Ich habe irgendwann mal gesagt, daß Tarantino nur ein Kind seiner Zeit sei und gegen "echte", wenn auch weniger bekannte Innovatoren wie Miike oder Kitano schnell vergessen sein wird. Mittlerweile - und weil ich selbst trotz Abneigung der meisten sonstigen Werke des Herrn Tarantino ein "Fanboi" von "Pulp Fiction" bin - bin ich mir nicht mehr so sicher. Ich behaupte mal, selbst in 50 oder 100 Jahren wird "Pulp Fiction" seinen Platz innerhalb der "wichtigsten Filme des 20. Jahrhunderts" sichern.


----------



## spectrumizer (25. August 2012)

Pulp Fiction ... Keine Ahnung, wieviele 40x und mehr ich diesen Film in meinen ganzen Jahren schon gesehen habe.

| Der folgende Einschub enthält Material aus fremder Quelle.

Lemma zigzag_contra (T : eqType) (R1 C2 R3 C4 R5 C6 : T -> Prop)
  (x12 x32 x34 x54 x56 x14 x16 x36 x52 : T)
  (C2x12 : C2 x12) (R3x32 : R3 x32) (C2x32 : C2 x32)
  (R3x34 : R3 x34) (C4x34 : C4 x34) (R5x54 : R5 x54) (C4x54 : C4 x54)
  (R5x56 : R5 x56) (R1x14 : R1 x14) (C4x14 : C4 x14)
  (R1x16 : R1 x16) (C6x16 : C6 x16) (R3x36 : R3 x36) (C6x36 : C6 x36)
  (R5x52 : R5 x52) (C2x52 : C2 x52)
  (G32 : forall x, C2 x \/ R3 x) (G34 : forall x, R3 x \/ C4 x) (G54 : forall x, C4 x \/ R5 x)
  (U12 : forall x y, R1 x -> C2 x -> R1 y -> C2 y -> x <> x12 -> y <> x12 -> x = y)
  (U32 : forall x y, C2 x -> R3 x -> C2 y -> R3 y -> x <> x32 -> y <> x32 -> x = y)
  (U34 : forall x y, R3 x -> C4 x -> R3 y -> C4 y -> x <> x34 -> y <> x34 -> x = y)
  (U54 : forall x y, C4 x -> R5 x -> C4 y -> R5 y -> x <> x54 -> y <> x54 -> x = y)
  (U56 : forall x y, R5 x -> C6 x -> R5 y -> C6 y -> x <> x56 -> y <> x56 -> x = y)
  (n12_14 : x12 <> x14) (n12_16 : x12 <> x16) (n14_16 : x14 <> x16)
  (n32_34 : x32 <> x34) (n32_36 : x32 <> x36) (n34_36 : x34 <> x36)
  (n52_54 : x52 <> x54) (n52_56 : x52 <> x56) (n54_56 : x54 <> x56)
  (n12_32 : x12 <> x32) (n12_52 : x12 <> x52) (n32_52 : x32 <> x52)
  (n14_34 : x14 <> x34) (n14_54 : x14 <> x54) (n34_54 : x34 <> x54)
  (n16_36 : x16 <> x36) (n16_56 : x16 <> x56) (n36_56 : x36 <> x56)
  (SC2 : R1 x32 \/ R3 x12) (SR3 : C2 x34 \/ C4 x32)
  (SC4 : R3 x54 \/ R5 x34) (SR5 : C4 x56 \/ C6 x54) : False.
Proof.
have nC4x32 : ~ C4 x32.
  move=> C4x32; apply: (zigzag_notC4x32 (R1 := R1) (C2 := C2) (R3 := R3) (C4 := C4)
    (R5 := R5) (C6 := C6) (x12 := x12) (x32 := x32) (x34 := x34) (x54 := x54)
    (x56 := x56) (x14 := x14) (x16 := x16) (x36 := x36) (x52 := x52)) => //; zigzag_hyps.
(* Read backwards, the zigzag is again a zigzag, with rows and columns exchanged. *)
have nR3x54 : ~ R3 x54.
  move=> R3x54; apply: (zigzag_notC4x32 (R1 := C6) (C2 := R5) (R3 := C4) (C4 := R3)
    (R5 := C2) (C6 := R1) (x12 := x56) (x32 := x54) (x34 := x34) (x54 := x32)
    (x56 := x12) (x14 := x36) (x16 := x16) (x36 := x14) (x52 := x52)) => //; zigzag_hyps.
case: SR3 => [C2x34|/nC4x32 //]; case: SC4 => [/nR3x54 //|R5x34].
by apply: (zigzag_C2x34_R5x34 (R1 := R1) (C2 := C2) (R3 := R3) (C4 := C4)
  (R5 := R5) (C6 := C6) (x12 := x12) (x32 := x32) (x34 := x34) (x54 := x54)
  (x56 := x56) (x14 := x14) (x16 := x16) (x52 := x52)) => //; zigzag_hyps.
Qed.

Section UniqueExtension.
Variable n : nat.
Local Notation k := (2 * n - 2).
Variables (P : partial_coloring n k) (L : full_square n k).
Hypothesis LP : extension_of P L.
Hypothesis L_unique : forall L', extension_of P L' -> forall i j, L' i j = L i j.

Definition row_colors i := [set L i j | j : 'I_n].
Definition col_colors j := [set L i j | i : 'I_n].
Definition uncolored i j := P i j == None.

Lemma row_inj i : injective (L i).
Proof.
move=> j1 j2 e; apply/eqP; apply: contraLR isT => ne.
by have /eqP := LP.1.1 i j1 j2 ne.
Qed.

Lemma col_inj j : injective (L^~ j).
Proof.
move=> i1 i2 /= e; apply/eqP; apply: contraLR isT => ne.
by have /eqP := LP.1.2 i1 i2 j ne.
Qed.

Lemma row_color_neq i j1 j2 : j1 != j2 -> L i j1 <> L i j2.
Proof. by move=> /eqP j12 /row_inj. Qed.

Lemma col_color_neq j i1 i2 : i1 != i2 -> L i1 j <> L i2 j.
Proof. by move=> /eqP i12 /col_inj. Qed.

Lemma mem_row_colors i j : L i j \in row_colors i. Proof. exact: imset_f. Qed.
Lemma mem_col_colors i j : L i j \in col_colors j. Proof. exact: imset_f. Qed.

Lemma card_row_colors i : #|row_colors i| = n.
Proof. by rewrite card_imset ?card_ord //; exact: row_inj. Qed.

Lemma card_col_colors j : #|col_colors j| = n.
Proof. by rewrite card_imset ?card_ord //; exact: col_inj. Qed.

(* Any recoloring y of a set D of uncolored cells that keeps every row and
   column proper is another extension of P, hence agrees with L. *)
Lemma recolor_eq (D : 'I_n -> 'I_n -> bool) (y : 'I_n -> 'I_n -> 'I_k) :
  (forall i j, D i j -> uncolored i j) ->
  (forall i j j', D i j -> D i j' -> j != j' -> y i j != y i j') ->
  (forall i i' j, D i j -> D i' j -> i != i' -> y i j != y i' j) ->
  (forall i j, D i j -> y i j \in row_colors i -> exists2 j', D i j' & y i j = L i j') ->
  (forall i j, D i j -> y i j \in col_colors j -> exists2 i', D i' j & y i j = L i' j) ->
  forall i j, D i j -> y i j = L i j.
Proof.
move=> Dunc yrow ycol yrowL ycolL i j Dij.
have yrow_out i0 j0 j1 : D i0 j0 -> ~~ D i0 j1 -> y i0 j0 != L i0 j1.
  move=> D0 nD1; apply/eqP => E.
  have := yrowL _ _ D0; rewrite E mem_row_colors => /(_ isT) [j' Dj' /row_inj eq_j].
  by move: nD1; rewrite eq_j Dj'.
have ycol_out i0 i1 j0 : D i0 j0 -> ~~ D i1 j0 -> y i0 j0 != L i1 j0.
  move=> D0 nD1; apply/eqP => E.
  have := ycolL _ _ D0; rewrite E mem_col_colors => /(_ isT) [i' Di' /col_inj eq_i].
  by move: nD1; rewrite eq_i Di'.
pose L' : full_square n k := fun i j => if D i j then y i j else L i j.
suff /L_unique/(_ i j) : extension_of P L' by rewrite /L' Dij.
split; [split|].
- move=> i0 j1 j2 ne; rewrite /L'.
  case D1: (D i0 j1); case D2: (D i0 j2).
  + exact: yrow.
  + by rewrite yrow_out ?D2.
  + by rewrite eq_sym yrow_out ?D1.
  + exact: LP.1.1.
- move=> i1 i2 j0 ne; rewrite /L'.
  case D1: (D i1 j0); case D2: (D i2 j0).
  + exact: ycol.
  + by rewrite ycol_out ?D2.
  + by rewrite eq_sym ycol_out ?D1.
  + exact: LP.1.2.
- move=> i0 j0 c Pc; rewrite /L'.
  case D0: (D i0 j0); last exact: LP.2.
  by move: (Dunc _ _ D0); rewrite /uncolored Pc.
Qed.

Lemma recolor_row_eq i (S : pred 'I_n) (y : 'I_n -> 'I_k) :
  (forall j, S j -> uncolored i j) ->
  (forall j j', S j -> S j' -> j != j' -> y j != y j') ->
  (forall j, S j -> y j \in row_colors i -> exists2 j', S j' & y j = L i j') ->
  (forall j, S j -> y j \notin col_colors j) ->
  forall j, S j -> y j = L i j.
Proof.
move=> Sunc yinj yrowL ycol; pose D i0 j0 := (i0 == i) && S j0.
have DP i0 j0 : D i0 j0 -> i0 = i /\ S j0 by case/andP=> /eqP.
move=> j Sj; apply: (@recolor_eq D (fun _ => y)); rewrite /D ?eqxx //.
- by move=> ? ? /DP[-> /Sunc].
- by move=> ? ? ? /DP[_ ?] /DP[_ ?]; exact: yinj.
- by move=> ? ? ? /DP[-> _] /DP[-> _]; rewrite eqxx.
- by move=> ? ? /DP[-> /yrowL yL] /yL[j' Sj' ->]; exists j'; rewrite ?eqxx.
- by move=> ? ? /DP[_ /ycol/negbTE->].
Qed.

Lemma uncolored_cover i j x : uncolored i j -> (x \in row_colors i) || (x \in col_colors j).
Proof.
move=> uij; apply/negPn/negP => /norP[nR nC].
suff xL : x = L i j by move: nR; rewrite xL mem_row_colors.
apply: (@recolor_row_eq i (pred1 j) (fun _ => x)) => //=.
- by move=> ? /eqP->.
- by move=> ? ? /eqP-> /eqP->; rewrite eqxx.
- by rewrite (negbTE nR).
- by move=> ? /eqP->.
Qed.

Lemma card_row_col_colors i j : uncolored i j -> #|row_colors i :&: col_colors j| = 2.
Proof.
move=> uij; have n_gt0 : 0 < n := leq_ltn_trans (leq0n i) (ltn_ord i).
have cover : row_colors i :|: col_colors j = setT.
  by apply/setP => x; rewrite inE in_setT; exact: uncolored_cover.
have := cardsUI (row_colors i) (col_colors j).
by rewrite cover cardsT card_ord card_row_colors card_col_colors; lia.
Qed.

Lemma common_color_eq i j x y : uncolored i j ->
  x \in row_colors i -> x \in col_colors j -> y \in row_colors i -> y \in col_colors j ->
  x <> L i j -> y <> L i j -> x = y.
Proof.
move=> uij xR xC yR yC /eqP xL /eqP yL; apply/eqP; apply: contraT => xy.
suff : 2 < #|row_colors i :&: col_colors j| by rewrite card_row_col_colors.
apply/card_gt2P; exists x, y, (L i j).
by rewrite !inE xR xC yR yC mem_row_colors mem_col_colors xy (eq_sym (L i j)) xL yL.
Qed.

Lemma row_perm_fixed i (S : pred 'I_n) (s : {perm 'I_n}) :
  (forall j, S j -> uncolored i j) -> (forall j, S j -> S (s j)) ->
  (forall j, S j -> L i (s j) \notin col_colors j) -> forall j, S j -> s j = j.
Proof.
move=> Sunc sS scol j Sj; apply: (@row_inj i).
apply: (@recolor_row_eq i S (fun j => L i (s j))) => //.
- by move=> ? ? _ _; rewrite (inj_eq (@row_inj i)) (inj_eq (@perm_inj _ s)).
- by move=> j0 Sj0 _; exists (s j0); rewrite ?sS.
Qed.

Lemma uncolored_row_swap i j1 j2 : uncolored i j1 -> uncolored i j2 -> j1 != j2 ->
  (L i j2 \in col_colors j1) || (L i j1 \in col_colors j2).
Proof.
move=> u1 u2 j12; apply/negPn/negP => /norP[n1 n2].
suff : tperm j1 j2 j1 = j1 by rewrite tpermL => /eqP; rewrite eq_sym (negbTE j12).
apply: (@row_perm_fixed i (pred2 j1 j2)); rewrite /= ?eqxx //.
- by move=> j /pred2P[]->.
- by move=> j /pred2P[]->; rewrite ?tpermL ?tpermR /= eqxx ?orbT.
- by move=> j /pred2P[]->; rewrite ?tpermL ?tpermR.
Qed.

Lemma uncolored_row_rotation i j1 j2 j3 :
  uncolored i j1 -> uncolored i j2 -> uncolored i j3 -> j1 != j2 -> j1 != j3 -> j2 != j3 ->
  [|| L i j2 \in col_colors j1, L i j3 \in col_colors j2 | L i j1 \in col_colors j3].
Proof.
move=> u1 u2 u3 j12 j13 j23; apply/negPn/negP => /norP[n1 /norP[n2 n3]].
pose c := (tperm j1 j2 * tperm j1 j3)%g.
have [c1 c2 c3] : [/\ c j1 = j2, c j2 = j3 & c j3 = j1].
  by rewrite !permM (tpermD j13 j23) !tpermL !tpermR tpermL (tpermD j12) // eq_sym.
suff : c j1 = j1 by rewrite c1 => /eqP; rewrite eq_sym (negbTE j12).
apply: (@row_perm_fixed i (pred3 j1 j2 j3)); rewrite /= ?eqxx //.
- by move=> j /or3P[]/eqP->.
- by move=> j /or3P[]/eqP->; rewrite ?c1 ?c2 ?c3 eqxx ?orbT.
- by move=> j /or3P[]/eqP->; rewrite ?c1 ?c2 ?c3.
Qed.

Lemma no_three_uncolored_in_row i j1 j2 j3 :
  uncolored i j1 -> uncolored i j2 -> uncolored i j3 -> j1 != j2 -> j1 != j3 -> j2 != j3 -> False.
Proof.
move=> u1 u2 u3 j12 j13 j23.
have s12 := uncolored_row_swap u1 u2 j12.
have s13 := uncolored_row_swap u1 u3 j13.
have s23 := uncolored_row_swap u2 u3 j23.
have r1 := uncolored_row_rotation u1 u2 u3 j12 j13 j23.
have r2 : [|| L i j3 \in col_colors j1, L i j2 \in col_colors j3 | L i j1 \in col_colors j2].
  by apply: uncolored_row_rotation => //; rewrite eq_sym.
have x1 : ~~ ((L i j2 \in col_colors j1) && (L i j3 \in col_colors j1)).
  apply/negP => /andP[h2 h3]; apply: (@row_color_neq i _ _ j23).
  by apply: (common_color_eq u1); rewrite ?mem_row_colors //; apply: row_color_neq; rewrite eq_sym.
have x2 : ~~ ((L i j1 \in col_colors j2) && (L i j3 \in col_colors j2)).
  apply/negP => /andP[h1 h3]; apply: (@row_color_neq i _ _ j13).
  by apply: (common_color_eq u2); rewrite ?mem_row_colors //;
     apply: row_color_neq; rewrite // eq_sym.
have x3 : ~~ ((L i j1 \in col_colors j3) && (L i j2 \in col_colors j3)).
  apply/negP => /andP[h1 h2]; apply: (@row_color_neq i _ _ j12).
  by apply: (common_color_eq u3); rewrite ?mem_row_colors //; apply: row_color_neq.
move: s12 s13 s23 x1 x2 x3 r1 r2.
by case: (L i j2 \in col_colors j1); case: (L i j3 \in col_colors j1);
   case: (L i j1 \in col_colors j2); case: (L i j3 \in col_colors j2);
   case: (L i j1 \in col_colors j3); case: (L i j2 \in col_colors j3).
Qed.

Lemma square_recolor_eq i1 i2 j1 j2 y11 y12 y21 y22 :
  uncolored i1 j1 -> uncolored i1 j2 -> uncolored i2 j1 -> uncolored i2 j2 ->
  i1 != i2 -> j1 != j2 ->
  y11 <> y12 -> y21 <> y22 -> y11 <> y21 -> y12 <> y22 ->
  (y11 \in row_colors i1 -> y11 = L i1 j1 \/ y11 = L i1 j2) ->
  (y12 \in row_colors i1 -> y12 = L i1 j1 \/ y12 = L i1 j2) ->
  (y21 \in row_colors i2 -> y21 = L i2 j1 \/ y21 = L i2 j2) ->
  (y22 \in row_colors i2 -> y22 = L i2 j1 \/ y22 = L i2 j2) ->
  (y11 \in col_colors j1 -> y11 = L i1 j1 \/ y11 = L i2 j1) ->
  (y21 \in col_colors j1 -> y21 = L i1 j1 \/ y21 = L i2 j1) ->
  (y12 \in col_colors j2 -> y12 = L i1 j2 \/ y12 = L i2 j2) ->
  (y22 \in col_colors j2 -> y22 = L i1 j2 \/ y22 = L i2 j2) ->
  [/\ y11 = L i1 j1, y12 = L i1 j2, y21 = L i2 j1 & y22 = L i2 j2].
Proof.
move=> u11 u12 u21 u22 i12 j12 d1 d2 d3 d4 r11 r12 r21 r22 c11 c21 c12 c22.
have i21 : i2 != i1 by rewrite eq_sym.
have j21 : j2 != j1 by rewrite eq_sym.
pose D i j := pred2 i1 i2 i && pred2 j1 j2 j.
pose y i j := if i == i1 then (if j == j1 then y11 else y12)
              else (if j == j1 then y21 else y22).
have yE : [/\ y i1 j1 = y11, y i1 j2 = y12, y i2 j1 = y21 & y i2 j2 = y22].
  by rewrite /y !eqxx (negbTE i21) (negbTE j21).
case: yE => <- <- <- <-.
suff key : forall i j, D i j -> y i j = L i j.
  by split; apply: key; rewrite /D /= ?eqxx ?orbT.
apply: recolor_eq.
- by move=> i j /andP[/pred2P[]-> /pred2P[]->].
- move=> i j j' /andP[/pred2P[]-> /pred2P[]->] /andP[_ /pred2P[]->];
  by rewrite /y ?eqxx ?(negbTE i21) ?(negbTE j21) // => _; apply/eqP; congruence.
- move=> i i' j /andP[/pred2P[]-> /pred2P[]->] /andP[/pred2P[]-> _];
  by rewrite /y ?eqxx ?(negbTE i21) ?(negbTE j21) // => _; apply/eqP; congruence.
- move=> i j /andP[/pred2P[]-> /pred2P[]->];
  rewrite /y ?eqxx ?(negbTE i21) ?(negbTE j21);
  first [move/r11|move/r12|move/r21|move/r22] => -[] ->;
  first [by exists j1; rewrite /D /= ?eqxx ?orbT | by exists j2; rewrite /D /= ?eqxx ?orbT].
- move=> i j /andP[/pred2P[]-> /pred2P[]->];
  rewrite /y ?eqxx ?(negbTE i21) ?(negbTE j21);
  first [move/c11|move/c12|move/c21|move/c22] => -[] ->;
  first [by exists i1; rewrite /D /= ?eqxx ?orbT | by exists i2; rewrite /D /= ?eqxx ?orbT].
Qed.

End UniqueExtension.

Section Transpose.
Variables (n k : nat) (P : partial_coloring n k) (L : full_square n k).

Definition transpose_coloring : partial_coloring n k := fun i j => P j i.
Definition transpose_square : full_square n k := fun i j => L j i.

Lemma extension_of_transpose : extension_of P L -> extension_of transpose_coloring transpose_square.
Proof.
case=> [[row col] PL]; split; [split|] => *; [exact: col | exact: row | exact: PL].
Qed.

Und er wurde in keiner Minute langweilig.  

Wirklich ein zeitloses Kult- und Meisterstück von Quentin Tarantino, obwohl ich auch nicht beschreiben oder erklären könnte, was ihn jetzt genau dazu macht.


----------



## bkeleanor (27. August 2012)

ich will euch hier nicht die stimmung versauen, aber ich bin kein fan von dem film.
eigenartiger weise kann ich noch nicht mal sagen warum er mir nicht gefällt.


----------



## Fremder123 (27. August 2012)

bkeleanor schrieb:


> ich will euch hier nicht die stimmung versauen, aber ich bin kein fan von dem film.
> eigenartiger weise kann ich noch nicht mal sagen warum er mir nicht gefällt.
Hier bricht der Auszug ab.